*** Opening of GIVEN ENTRIES ***

(* Let $q_1,\dots,q_5\in\widehat{\mathbb H}$ be five distinct points not lying on a single 2-sphere or 2-plane. Then any fractional linear transformation $T$ of $\widehat{\mathbb H}$ is uniquely determined by its values $T(q_n)$, $n=1,\dots,5$; i.e., if $T,T'$ are fractional linear transformations with $T(q_n)=T'(q_n)$ for $n=1,\dots,5$, then $T=T'$.
   Context: $\mathbb H$ denotes the quaternions (identified with $\mathbb R^4$), $\widehat{\mathbb H}=\mathbb H\cup\{\infty\}$. A fractional linear transformation of $\widehat{\mathbb H}$ is a map $q\mapsto(aq+b)(cq+d)^{-1}$ with $\begin{pmatrix}a&b\\c&d\end{pmatrix}\in GL(2,\mathbb H)$ invertible. *)

From HB Require Import structures.
From mathcomp Require Import all_boot all_order all_algebra.
From mathcomp Require Import reals.
Set Implicit Arguments. Unset Strict Implicit. Unset Printing Implicit Defensive.
Import Order.TTheory GRing.Theory Num.Theory.
Local Open Scope ring_scope.

Section Quat.
Variable R : realType.

Record quat := Quat { qr : R; qi : R; qj : R; qk : R }.

Definition qzero : quat := Quat 0 0 0 0.
Definition qone  : quat := Quat 1 0 0 0.

Definition qadd (x y : quat) : quat :=
  Quat (qr x + qr y) (qi x + qi y) (qj x + qj y) (qk x + qk y).
Definition qopp (x : quat) : quat := Quat (- qr x) (- qi x) (- qj x) (- qk x).
Definition qsub (x y : quat) : quat := qadd x (qopp y).
Definition qscale (s : R) (x : quat) : quat :=
  Quat (s * qr x) (s * qi x) (s * qj x) (s * qk x).

Definition qmul (x y : quat) : quat :=
  Quat (qr x * qr y - qi x * qi y - qj x * qj y - qk x * qk y)
       (qr x * qi y + qi x * qr y + qj x * qk y - qk x * qj y)
       (qr x * qj y - qi x * qk y + qj x * qr y + qk x * qi y)
       (qr x * qk y + qi x * qj y - qj x * qi y + qk x * qr y).
Lemma cdfG_right_continuous c v : cdfG Q c < v ->
  exists2 e, 0 < e & cdfG Q (c + e) < v.
Proof.
move=> cv; apply: contrapT => /forall2NP noe.
have cvg_c : Q `]-oo, c + n.+1%:R^-1] @[n --> \oo] --> Q `]-oo, c].
  rewrite (itvNycEbigcap false c).
  apply: (@nonincreasing_cvg_mu _ _ _ Q (fun n => `]-oo, c + n.+1%:R^-1])).
  - by rewrite (le_lt_trans (probability_le1 _ _)) ?ltry.
  - by move=> n; exact: measurable_itv.
  - by apply: bigcap_measurable => // n _; exact: measurable_itv.
  - move=> m n mn; apply/subsetPset => z /=; rewrite !in_itv /= => /le_trans; apply.
    by rewrite lerD2l lef_pV2 ?posrE// ler_nat.
have : (v%:E <= Q `]-oo, c])%E.
  apply: (cvge_to_ge cvg_c); apply: nearW => n.
  have [|/negP] := noe n.+1%:R^-1; first by rewrite invr_gt0.
  rewrite -leNgt => le_v.
  by rewrite -(@fineK _ (Q _)) ?lee_fin// fin_num_measure.
by rewrite -(@fineK _ (Q _)) ?lee_fin ?fin_num_measure// leNgt cv.
Qed.

End mass.

Lemma moment0 (R : realType) (Q : probability R R) : moment Q set0 = 0.
Proof. exact: Rintegral_set0. Qed.

Lemma wHE_moment (R : realType) (Q : probability R R) pd t : wHE Q pd t ->
  moment Q `]-oo, t] = (t - pd) * mass Q `]-oo, t].
Proof. by case=> Ft_gt0 -> _; rewrite divfK ?gt_eqF. Qed.

Section supported_moment.
Variables (R : realType) (a b : R) (Q : probability R R).
Hypothesis Qab : supported_on Q a b.
Implicit Types (D E : set R) (u k pd t : R).

Let mab : measurable `[a, b]. Proof. exact: measurable_itv. Qed.

Lemma supported_on_setC : Q (~` `[a, b]) = 0%E.
Proof. by rewrite probability_setC// Qab subee. Qed.

Lemma integrable_id D : measurable D -> Q.-integrable D (EFin \o id).
Proof.
move=> mD; apply/(negligible_integrable (measurableC mab) mD) => //.
- exact/measurable_EFinP.
- exact: supported_on_setC.
have mDab := measurableD mD (measurableC mab).
apply: measurable_bounded_integrable => //.
  by rewrite (le_lt_trans (probability_le1 _ _)) ?ltry.
exists (Num.max `|a| `|b|); split; first by rewrite num_real.
move=> M maxM s [_ /= /contrapT]; rewrite in_itv/= => /andP[las lsb].
apply/ltW/(le_lt_trans _ maxM).
rewrite le_max; have [s0|s0] := leP 0 s.
  by apply/orP; right; rewrite ger0_norm// (le_trans lsb)// ler_norm.
by apply/orP; left; rewrite ltr0_norm// ler0_norm ?lerN2// (le_trans las) ?ltW.
Qed.

Lemma momentID D E : measurable D -> measurable E ->
  moment Q D = moment Q (D `&` E) + moment Q (D `\` E).
Proof.
move=> mD mE; rewrite /moment -Rintegral_setU ?setUIDK//.
- exact: measurableI.
- exact: measurableD.
- exact: integrable_id.
- by apply/disj_setPS => x [[_ Ex] [_ nEx]].
Qed.

Lemma moment_supported D : measurable D -> moment Q D = moment Q (D `&` `[a, b]).
Proof.
move=> mD; rewrite /moment /Rintegral.
rewrite (negligible_integral (measurableC mab) mD) ?setDE ?setCK//.
- exact: integrable_id.
- exact: supported_on_setC.
Qed.

Lemma moment_ge u D : measurable D -> (forall s, D s -> u <= s) ->
  u * mass Q D <= moment Q D.
Proof.
move=> mD Du; rewrite /moment /mass -Rintegral_cst//.
apply: le_Rintegral => //; first exact: finite_measure_integrable_cst.
exact: integrable_id.
Qed.

Lemma moment_le u D : measurable D -> (forall s, D s -> s <= u) ->
  moment Q D <= u * mass Q D.
Proof.
move=> mD Du; rewrite /moment /mass -Rintegral_cst//.
apply: le_Rintegral => //; first exact: integrable_id.
exact: finite_measure_integrable_cst.
Qed.

Lemma Rintegral_subr k D : measurable D ->
  Rintegral Q D (fun s => s - k) = moment Q D - k * mass Q D.
Proof.
move=> mD; rewrite /moment /mass -Rintegral_cst// RintegralB//.
- exact: integrable_id.
- exact: finite_measure_integrable_cst.
Qed.

Lemma meanG_ge u A : measurable A -> A `<=` ~` `]-oo, u] ->
  moment Q `]-oo, u] + u * (1 - mass Q `]-oo, u] - mass Q A) + moment Q A
  <= meanG Q.
Proof.
move=> mA Au; rewrite -[meanG Q]/(moment Q setT).
have mu : measurable `]-oo, u] by exact: measurable_itv.
have mCu := measurableC mu.
have := momentID measurableT mu; rewrite setTI setTD => ->.
have := massID Q measurableT mu; rewrite setTI setTD massT => split_mass.
rewrite (momentID mCu mA) (massID Q mCu mA) (setIidr Au) in split_mass *.
have -> : 1 - mass Q `]-oo, u] - mass Q A = mass Q (~` `]-oo, u] `\` A) by lra.
have : u * mass Q (~` `]-oo, u] `\` A) <= moment Q (~` `]-oo, u] `\` A).
  apply: moment_ge; first exact: measurableD.
  by move=> s [/=]; rewrite in_itv/= => /negP; rewrite -ltNge => /ltW.
lra.
Qed.

Lemma meanG_ge_ray u :
  moment Q `]-oo, u] + u * (1 - mass Q `]-oo, u]) <= meanG Q.
Proof.
have := meanG_ge (u := u) measurable0 (@sub0set _ _).
by rewrite mass0 moment0 subr0 addr0.
Qed.

Lemma moment_ray_le_ge_mean pd u : 0 <= pd -> meanG Q + pd <= u ->
  moment Q `]-oo, u] <= (u - pd) * mass Q `]-oo, u].
Proof.
move=> pd0 upd; have mu : measurable `]-oo, u] by exact: measurable_itv.
have := meanG_ge_ray u; have := mass_le1 Q mu.
set F := mass Q _ => F_le1.
have : 0 <= pd * (1 - F) by rewrite mulr_ge0// subr_ge0.
lra.
Qed.

Lemma cdfG_gt0_ge u : 0 < cdfG Q u -> a <= u.
Proof.
rewrite leNgt; apply: contraTN => ua; rewrite cdfGE /mass.
suff -> : Q `]-oo, u] = 0%E by rewrite ltxx.
apply: (subset_measure0 _ (measurableC mab) _ supported_on_setC).
  exact: measurable_itv.
move=> s /=; rewrite !in_itv/= => su /andP[a_s _].
by move: (le_lt_trans a_s (le_lt_trans su ua)); rewrite ltxx.
Qed.

Lemma wHE_pd_ge0 pd t : wHE Q pd t -> 0 <= pd.
Proof.
move=> HE; have [Ft_gt0 _ _] := HE; have := wHE_moment HE.
have mt : measurable `]-oo, t] by exact: measurable_itv.
have := moment_le (u := t) mt (fun s => id).
rewrite cdfGE in Ft_gt0; nra.
Qed.

Lemma wHE_le_mean pd t : wHE Q pd t -> t <= meanG Q + pd.
Proof.
move=> HE; have pd0 := wHE_pd_ge0 HE.
have mt : measurable `]-oo, t] by exact: measurable_itv.
have := meanG_ge_ray t; rewrite (wHE_moment HE); have := mass_le1 Q mt.
set F := mass Q _ => F_le1.
have : 0 <= pd * (1 - F) by rewrite mulr_ge0// subr_ge0.
lra.
Qed.

Lemma wHE_excess_le pd t A : wHE Q pd t -> measurable A ->
  A `<=` ~` `]-oo, meanG Q + pd] ->
  moment Q A - (meanG Q + pd) * mass Q A <= (meanG Q + pd - t) * (1 - mass Q A).
Proof.
move=> HE mA A_gt; have pd0 := wHE_pd_ge0 HE; have t_le := wHE_le_mean HE.
have mt : measurable `]-oo, t] by exact: measurable_itv.
have A_gt_t : A `<=` ~` `]-oo, t].
  move=> s /A_gt/= /negP; rewrite !in_itv/= -ltNge => /(le_lt_trans t_le) ts.
  by apply/negP; rewrite -ltNge.
have := meanG_ge mA A_gt_t; rewrite (wHE_moment HE).
have := mass_le1 Q mt.
set F := mass Q `]-oo, t] => F_le1.
have : 0 <= pd * (1 - F) by rewrite mulr_ge0// subr_ge0.
lra.
Qed.
(* Bids are represented by their index j : 'I_K.+1, standing for the bid j/K.
   Actions of the online learner are 'I_K.+1 (0-based: paper's action k is k.+1 here). *)

Section Defs.
Variable R : realType.

Definition cdf (P : probability R R) (v : R) : R := fine (P `]-oo, v]%classic).

Definition quantile (P : probability R R) (y : R) : R :=
  inf [set v : R | 0 <= v <= 1 /\ y <= cdf P v].

Definition upd (n K : nat) (b : {ffun 'I_n -> 'I_K.+1}) (i : 'I_n) (j : 'I_K.+1)
  : {ffun 'I_n -> 'I_K.+1} := [ffun l => if l == i then j else b l].

(* Pi_m := sum_{l <= m} pi_l (paper, 1-based) = sum of the first m entries *)
Definition Pi (K : nat) (pi : {ffun 'I_K.+1 -> R}) (m : nat) : R :=
  \sum_(l < K.+1 | (l < m)%N) pi l.

(* quantile strategy s_{i,pi}: bid index k (bid k/K) on (F^{-1}(Pi_k), F^{-1}(Pi_{k+1})],
   bid 0 on [0, F^{-1}(Pi_1)].  Points v > F^{-1}(Pi_K) (a region only partly covered
   by the paper, of probability 0 beyond F^{-1}(1)) get bid K. *)
Definition qstrat (P : probability R R) (K : nat) (pi : {ffun 'I_K.+1 -> R}) (v : R)
  : 'I_K.+1 := inord (find (fun k => v <= quantile P (Pi pi k.+1)) (iota 0 K)).

(* reward vector g_i^{(t)}(pi), with xb j = x_i(j/K, b_{-i}), pb j = p_i(j/K, b_{-i}) *)
Definition gvec (P : probability R R) (K : nat) (xb pb : 'I_K.+1 -> R)
  (pi : {ffun 'I_K.+1 -> R}) : {ffun 'I_K.+1 -> R} :=
  [ffun k : 'I_K.+1 =>
     \sum_(k.+1 <= j < K.+1)
        (xb (inord j.-1) - xb (inord j)) * quantile P (Pi pi j)
     + xb ord_max - pb k].

Definition util (P : probability R R) (K : nat) (xb pb : 'I_K.+1 -> R)
  (s : R -> 'I_K.+1) : \bar R :=
  (\int[P]_v ((xb (s v) * v - pb (s v))%:E))%E.

(* history of reward vectors fed to A by the Meta-Algorithm before round t *)
Fixpoint meta_hist (P : probability R R) (K : nat)
  (A : seq {ffun 'I_K.+1 -> R} -> {ffun 'I_K.+1 -> R})
  (xb pb : nat -> 'I_K.+1 -> R) (t : nat) : seq {ffun 'I_K.+1 -> R} :=
  match t with
  | 0 => [::]
  | t'.+1 => let h := meta_hist P A xb pb t' in
             rcons h (gvec P (xb t') (pb t') (A h))
  end.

*** Close of GIVEN ENTRIES ***

→ **WHAT TO PRODUCE**:
In restating the data, begin at its first line, reproduce each line word for word, and conclude with the line that contains "Set Implicit Arguments.".

→ **EXPECTED OUTPUT**:
(* Let $q_1,\dots,q_5\in\widehat{\mathbb H}$ be five distinct points not lying on a single 2-sphere or 2-plane. Then any fractional linear transformation $T$ of $\widehat{\mathbb H}$ is uniquely determined by its values $T(q_n)$, $n=1,\dots,5$; i.e., if $T,T'$ are fractional linear transformations with $T(q_n)=T'(q_n)$ for $n=1,\dots,5$, then $T=T'$.
   Context: $\mathbb H$ denotes the quaternions (identified with $\mathbb R^4$), $\widehat{\mathbb H}=\mathbb H\cup\{\infty\}$. A fractional linear transformation of $\widehat{\mathbb H}$ is a map $q\mapsto(aq+b)(cq+d)^{-1}$ with $\begin{pmatrix}a&b\\c&d\end{pmatrix}\in GL(2,\mathbb H)$ invertible. *)

From HB Require Import structures.
From mathcomp Require Import all_boot all_order all_algebra.
From mathcomp Require Import reals.
Set Implicit Arguments. Unset Strict Implicit. Unset Printing Implicit Defensive.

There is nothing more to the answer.